▶ _Exercise goal_
Print the full listing exactly.

▶ _Given records_
Lemma sum_walk_weight_at m a y w z : a <= m.+1 ->
  \sum_(g : {ffun 'I_m -> T}) (walk_at y g z a == w) * walk_weight y g z
  = nwalk a y w * nwalk (m.+1 - a) w z.
Proof.
elim: a m y => [|a IH] m y le_a.
  under eq_bigr do rewrite walk_at0.
  rewrite -big_distrr sum_walk_weight subn0 nwalk0; by case: eqVneq => [->|].
case: m le_a => [|m] le_a.
  have -> : a = 0 by case: a le_a IH.
  under eq_bigr do rewrite walk_at_last.
  rewrite -big_distrr sum_walk_weight nwalk0 mulnC; by case: eqVneq => [->|].
rewrite big_ffcons nwalkS big_distrl /= subSS; apply: eq_bigr => v _.
under eq_bigr do rewrite walk_at_ffcons walk_weight_ffcons mulnCA.
by rewrite -big_distrr IH //; exact: mulnA.
Qed.

Lemma sum_walk_weight_at2 m a b y w1 w2 z : a <= b -> b <= m.+1 ->
  \sum_(g : {ffun 'I_m -> T})
     (walk_at y g z a == w1) * ((walk_at y g z b == w2) * walk_weight y g z)
  = nwalk a y w1 * (nwalk (b - a) w1 w2 * nwalk (m.+1 - b) w2 z).
Proof.
elim: a b m y => [|a IH] b m y le_ab le_b.
  under eq_bigr do rewrite walk_at0.
  rewrite -big_distrr sum_walk_weight_at // subn0 nwalk0.
  by case: eqVneq => [->|].
case: (ltngtP b m.+1) le_b le_ab => // [lt_b | ->] _ le_ab; last first.
  under eq_bigr do rewrite walk_at_last mulnCA.
  rewrite -big_distrr /= sum_walk_weight_at // subnn nwalk0.
  by case: eqVneq => [->|]; rewrite ?mul1n ?muln1 ?mul0n ?muln0.
case: m b lt_b le_ab => [|m] [|b] // lt_b le_ab.
rewrite big_ffcons nwalkS big_distrl /= !subSS; apply: eq_bigr => v _.
under eq_bigr do rewrite !walk_at_ffcons walk_weight_ffcons [X in _ * X]mulnCA mulnCA.
by rewrite -big_distrr (IH _ _ _ le_ab (ltnW lt_b)); exact: mulnA.
Qed.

▶ _Solution to this task_
Lemma sum_walk_weight_at m a y w z : a <= m.+1 ->
  \sum_(g : {ffun 'I_m -> T}) (walk_at y g z a == w) * walk_weight y g z
  = nwalk a y w * nwalk (m.+1 - a) w z.
Proof.
elim: a m y => [|a IH] m y le_a.
  under eq_bigr do rewrite walk_at0.
  rewrite -big_distrr sum_walk_weight subn0 nwalk0; by case: eqVneq => [->|].
case: m le_a => [|m] le_a.
  have -> : a = 0 by case: a le_a IH.
  under eq_bigr do rewrite walk_at_last.
  rewrite -big_distrr sum_walk_weight nwalk0 mulnC; by case: eqVneq => [->|].
rewrite big_ffcons nwalkS big_distrl /= subSS; apply: eq_bigr => v _.
under eq_bigr do rewrite walk_at_ffcons walk_weight_ffcons mulnCA.
by rewrite -big_distrr IH //; exact: mulnA.
Qed.

Lemma sum_walk_weight_at2 m a b y w1 w2 z : a <= b -> b <= m.+1 ->
  \sum_(g : {ffun 'I_m -> T})
     (walk_at y g z a == w1) * ((walk_at y g z b == w2) * walk_weight y g z)
  = nwalk a y w1 * (nwalk (b - a) w1 w2 * nwalk (m.+1 - b) w2 z).
Proof.
elim: a b m y => [|a IH] b m y le_ab le_b.
  under eq_bigr do rewrite walk_at0.
  rewrite -big_distrr sum_walk_weight_at // subn0 nwalk0.
  by case: eqVneq => [->|].
case: (ltngtP b m.+1) le_b le_ab => // [lt_b | ->] _ le_ab; last first.
  under eq_bigr do rewrite walk_at_last mulnCA.
  rewrite -big_distrr /= sum_walk_weight_at // subnn nwalk0.
  by case: eqVneq => [->|]; rewrite ?mul1n ?muln1 ?mul0n ?muln0.
case: m b lt_b le_ab => [|m] [|b] // lt_b le_ab.
rewrite big_ffcons nwalkS big_distrl /= !subSS; apply: eq_bigr => v _.
under eq_bigr do rewrite !walk_at_ffcons walk_weight_ffcons [X in _ * X]mulnCA mulnCA.
by rewrite -big_distrr (IH _ _ _ le_ab (ltnW lt_b)); exact: mulnA.
Qed.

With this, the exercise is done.